To answer your question, if a deficiency is cited and the healthcare organization chooses to submit a waiver request rather than resolve the deficiency, then yes, a new waiver request would have to be submitted.

 

AEM Program for Fire Alarm and Sprinklers

Q: Are sprinklers, smoke detectors, etc. considered to be operating components of the utility systems? If so, our inspections are based on the pertinent NFPA references. I think that the fire system inspections could be considered preventive maintenance or at least the means to determine what maintenance needs to be completed. Can we use the CMS AEM program to alter our PM activities on the fire alarm and sprinkler systems?

A: You cannot use the CMS AEM program for Fire Alarm inspection and testing requirements. The CMS S&C letter 14-07 that describes the AEM program says the following regarding when the AEM program is not appropriate: “Other CoPs require adherence to manufacturer’s recommendations and/or set specific standards. For example: The National Fire Protection Association Life Safety Code (LSC) requirements incorporated by reference at 42 CFR 482.41(b) has some provisions that are pertinent to equipment maintenance, and compliance with these requirements are assessed on Federal surveys.”

So… you must follow the NFPA requirements specified for sprinkler and fire alarm testing and inspection, and the AEM program is not applicable.

Power Strips

Q: There is so much discussion on the proper use of power strips that it can cause confusion amongst even the seasoned facility managers. There is absolutely no guarantee that the different power strips will remain in their ‘designated areas’. The OR is much easier to control, but as technology quickly progresses, the space between patient care vicinities and non-patient care vicinities quickly losing the defined lines. What’s your thoughts on the power strip issue?

A: I do see your point that power strips may be difficult to control as they may move around the hospital, in and out of patient care vicinities. And I respect your comment that there is confusion on the proper use of power strips. But I find CMS’ explanation regarding power strips under their K-Tag 920 to be refreshingly simple:

  • Power strips in a patient care vicinity are only used on movable patient-care related electrical equipment and are permanently attached to the equipment, and are UL 1363A or UL 60601-1.
  • Power strips in a patient care vicinity may not be used for non-patient-care related electrical equipment, such as personal electronics, except in long-term care resident rooms that do not use patient-care related electrical equipment.
  • Power strips for patient-care related electrical equipment must meet UL 1363A or UL 60601-1.
  • Power strips for non-patient-care related electrical equipment in the patient care rooms, but outside of the patient care vicinity, must meet UL 1363.
  • In non-patient care rooms, power strips meet other UL standards.

Section 3.3.139 defines “patient care vicinity” as a space, within a location intended for the examination and treatment of patients, extending 6 feet beyond the normal location of the bed, chair, table, treadmill, or other device that supports the patient during examination and treatment and extending vertically to 7-foot 6-inches above the floor.

It appears K-Tag 920 is permitting qualified personnel to permanently attach UL 1363A or UL 60601-1 power strips to movable patient-care related electrical equipment, provided it meets section 10.2.3.6 of NFPA 99-2012, which is:

  • The power strip is permanently attached to the equipment assembly;
  • The sum of the ampacity of all appliances connected to the outlets does not exceed 75% of the ampacity of the flexible cord supplying the outlets;
  • The ampacity of the flexible cord is in accordance with NFPA 70-2011, National Electrical Code.
  • The electrical and mechanical integrity of the assembly is regularly verified and documented.

This section does not explain what makes one “qualified”, so that determination should be left to the AHJ and the healthcare facility.

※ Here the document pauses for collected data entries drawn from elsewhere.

Lemma eq_upto_prod_widen N M (F : nat -> {poly R}) :
  (forall i, (N <= i)%N -> eq_upto N (F i) 1) -> (N <= M)%N ->
  eq_upto N (\prod_(i < M) F i) (\prod_(i < N) F i).
Proof.
move=> F1 /subnKC <-; elim: (M - N)%N => [|d IH]; first by rewrite addn0.
rewrite addnS big_ord_recr /= -[\prod_(i < N) F i]mulr1.
by apply: eq_uptoM => //; apply: F1; apply: leq_addr.
Qed.

Lemma eq_upto_sum_widen N K M (F : nat -> {poly R}) :
  (forall i, (K <= i)%N -> eq_upto N (F i) 0) -> (K <= M)%N ->
  eq_upto N (\sum_(i < M) F i) (\sum_(i < K) F i).
Proof.
move=> F0 /subnKC <-; elim: (M - K)%N => [|d IH]; first by rewrite addn0.
rewrite addnS big_ord_recr /= -[\sum_(i < K) F i]addr0.
by apply: eq_uptoD => //; apply: F0; apply: leq_addr.
Qed.

End Truncation.

Arguments eq_upto_trans {R N} r {p u}.

Section QBinomial.
Variables (R : comNzRingType) (q : R).

Fixpoint qbin N k : R :=
  if k is k'.+1 then
    if N is N'.+1 then qbin N' k'.+1 + q ^+ (N' - k') * qbin N' k' else 0
  else 1.

Definition qpochm M : R := \prod_(i < M) (1 - q ^+ i.+1).
Definition qpochp M : R := \prod_(i < M) (1 + q ^+ i.+1).

Lemma qbin0 N : qbin N 0 = 1. Proof. by case: N. Qed.

Lemma qbin_small N k : (N < k)%N -> qbin N k = 0.
Proof.
elim: N k => [|N IH] [|k] //= Hk.
by rewrite !IH ?mulr0 ?addr0 // ltnW.
Qed.

Lemma qpochmS M : qpochm M.+1 = qpochm M * (1 - q ^+ M.+1).
Proof. by rewrite /qpochm big_ord_recr. Qed.

Lemma qpochm0 : qpochm 0 = 1. Proof. exact: big_ord0. Qed.

Lemma qbin_qpochm N k : (k <= N)%N -> qbin N k * qpochm k * qpochm (N - k) = qpochm N.
Proof.
elim: N k => [|N IH] [|k] //= Hk; rewrite ?qpochm0 ?subn0 ?mul1r //.
rewrite ltnS subSS in Hk *.
case: (ltngtP k N) Hk => // [k_lt_N _|-> _]; last first.
  rewrite qbin_small // subnn expr0 mul1r add0r qpochmS qpochm0 mulr1 mulrA.
  by have := IH N (leqnn N); rewrite subnn qpochm0 mulr1 => ->.
have NkS : (N - k = (N - k.+1).+1)%N by rewrite subnSK.
rewrite {2}NkS !qpochmS -NkS.
have -> : (qbin N k.+1 + q ^+ (N - k) * qbin N k) * (qpochm k * (1 - q ^+ k.+1)) *
    (qpochm (N - k.+1) * (1 - q ^+ (N - k))) =
    (qbin N k.+1 * (qpochm k * (1 - q ^+ k.+1)) * qpochm (N - k.+1)) * (1 - q ^+ (N - k)) +
    q ^+ (N - k) * (qbin N k * qpochm k * (qpochm (N - k.+1) * (1 - q ^+ (N - k))))
      * (1 - q ^+ k.+1) by ring.
have -> : qpochm (N - k.+1) * (1 - q ^+ (N - k)) = qpochm (N - k) by rewrite NkS qpochmS.
rewrite -qpochmS IH // IH 1?ltnW //.
have -> : q ^+ N.+1 = q ^+ (N - k) * q ^+ k.+1 by rewrite -exprD; congr (_ ^+ _); lia.
ring.
Qed.

Lemma qbinomial (x : R) N :
  \prod_(i < N) (x + q ^+ i) = \sum_(k < N.+1) qbin N k * x ^+ (N - k) * q ^+ 'C(k, 2).
Proof.
elim: N => [|N IH]; first by rewrite big_ord0 big_ord1 /= !mulr1.
rewrite big_ord_recr /= IH mulr_suml [RHS]big_ord_recl /= subn0 bin0n expr0 mulr1.
under [in RHS]eq_bigr => k _ do rewrite /bump /= add1n subSS add0n !mulrDl.
rewrite big_split /= mul1r addrA.
under eq_bigr => k _ do rewrite mulrDr.
rewrite big_split /=; congr (_ + _).
  rewrite big_ord_recl /= qbin0 subn0 expr0 mulr1 mul1r -exprSr.
  rewrite [X in _ = _ + X]big_ord_recr /= qbin_small // !mul0r addr0.
  congr (_ + _); apply: eq_bigr => k _; rewrite /bump /= add1n.
  have -> : (N - k = (N - k.+1).+1)%N by have := ltn_ord k; lia.
  by rewrite exprS; ring.
apply: eq_bigr => k _; have Hk := ltn_ord k.
rewrite binS bin1 exprD.
have -> : q ^+ N = q ^+ (N - k) * q ^+ k by rewrite -exprD subnK // -ltnS.
ring.
Qed.

End QBinomial.

Lemma bin2Z n : ('C(n, 2))%:Z * 2 = n%:Z * (n%:Z - 1).
Proof. by elim: n => [|n IH] //; rewrite binS bin1 PoszD mulrDl IH intS; ring. Qed.

Lemma leq_pred_bin2 a : (a.-1 <= 'C(a, 2))%N.
Proof. by case: a => // a; rewrite binS bin1 leq_addl. Qed.

Lemma bin2S_inj : injective (fun a => 'C(a.+1, 2)).
Proof.
by apply/incn_inj/Order.NatMonotonyTheory.incnP => i; rewrite ltEnat /= (binS i.+1) bin1; lia.
Qed.

Lemma bin2S_double m : ('C(m.+1, 2) * 2 = m.+1 * m)%N.
Proof. by elim: m => // m IH; rewrite binS bin1 mulnDl IH; lia. Qed.

Lemma triangularE n t : (0 < t <= n)%N ->
  triangular t = [exists j : 'I_n.+1, 'C(j.+1, 2) == t].
Proof.
case/andP=> t_gt0 tn; apply/existsP/existsP => [[m /andP [m_gt0 /eqP E]] | [j /eqP E]].
  have mn : (m < n.+1)%N by have := ltn_ord m; lia.
  by exists (Ordinal mn); apply/eqP => /=; have := bin2S_double m; lia.
have jt : (j < t.+1)%N by have := leq_pred_bin2 j.+1; lia.
exists (Ordinal jt); apply/andP; split=> /=; have := bin2S_double j; lia.
Qed.

(* [C(|k - m - 1/2| + 1/2, 2)]: the exponent left after completing the square in
   the q-binomial theorem at [x = q^m]. *)
Definition tri_offset m k := if (m < k)%N then 'C(k - m, 2) else 'C(m.+1 - k, 2).

Lemma tri_offsetE m k : (k <= m + m.+2)%N ->
  (m * (m + m.+2 - k) + 'C(k, 2) = 'C(m, 2) + m * m.+2 + tri_offset m k)%N.
Proof.
rewrite /tri_offset => Hk; apply/eqP; rewrite -eqz_nat; apply/eqP.
apply: (@mulIf _ 2) => //.
rewrite !PoszD !PoszM !mulrDl !bin2Z -subzn // !PoszD !intS.
by case: ifP => H; rewrite bin2Z -subzn ?intS; lia.
Qed.

Lemma sum_tri_offset (V : nmodType) (F : nat -> V) m :
  \sum_(k < (m + m.+2).+1) F (tri_offset m k) =
  \sum_(j < m.+1) F 'C(j.+1, 2) + \sum_(j < m.+2) F 'C(j.+1, 2).
Proof.
rewrite -(big_mkord xpredT (F \o tri_offset m)) (big_cat_nat _ (n := m.+1)) //=; last by lia.
congr (_ + _).
  rewrite big_nat_rev big_mkord; apply: eq_bigr => k _; have Hk := ltn_ord k.
  rewrite /tri_offset /= add0n subSS ifN; last by lia.
  by congr (F 'C(_, 2)); lia.
rewrite -{1}(add0n m.+1) big_addn (_ : (m + m.+2).+1 - m.+1 = m.+2)%N; last by lia.
rewrite big_mkord; apply: eq_bigr => k _; have Hk := ltn_ord k.
by rewrite /tri_offset /= ifT; [congr (F 'C(_, 2)) | ]; lia.
Qed.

While NFPA 99-2012 does not specify how frequent “regularly verified” means, the general consensus is annually, based on annual receptacle inspection requirements in Chapter 6.

You will note that section 10.2.3.6. (5) was deleted per Tentative Interim Amendment (TIA) 12-5.

K-Tag 920 is also clear that outside of a non-patient care room (i.e. OR, PACU, procedure room, patient sleeping room, etc.) CMS no longer regulates which UL power strip to use on non-patient-care related electrical equipment, other than it must be UL listed. That means a power strip used at a nurse station on office equipment, or in an office environment does not have to be UL 1363, UL 1363A, or UL 60601-1; it just has to be UL listed.

Contractors During a Survey

In preparation for a survey hospitals frequently train their staff to only answer the questions of the surveyors without providing any more information. This has proven to be good advice over the years because many deficiencies are discovered by surveyors based on information provided by the staff after they have answered the surveyor’s questions.

An example of this may be when a surveyor asks a hospital worker what they would do in the event of a fire, and the worker correctly replies by describing the actions suggested by the acronym RACE – Rescue, Alarm, Confine, and Extinguish (or Evacuate). But when the surveyor simply does not respond and the awkward silence builds, the hospital worker gets a bit nervous and continues to speak, eventually revealing some errant activity that is not part of the fire safety plan. That often opens the door for disaster.

Nowhere is this more dangerous than when surveyors are permitted to talk with contractors in the hospital. It has always been my belief that as the survey team walks in the front door of the hospital on the first day of the survey all of the contractors should be walking out the back door. For the most part (and I do understand that there are exceptions), contractors should be sent away once you know there are surveyors in the house. Why? Because they will get you in trouble one way or another.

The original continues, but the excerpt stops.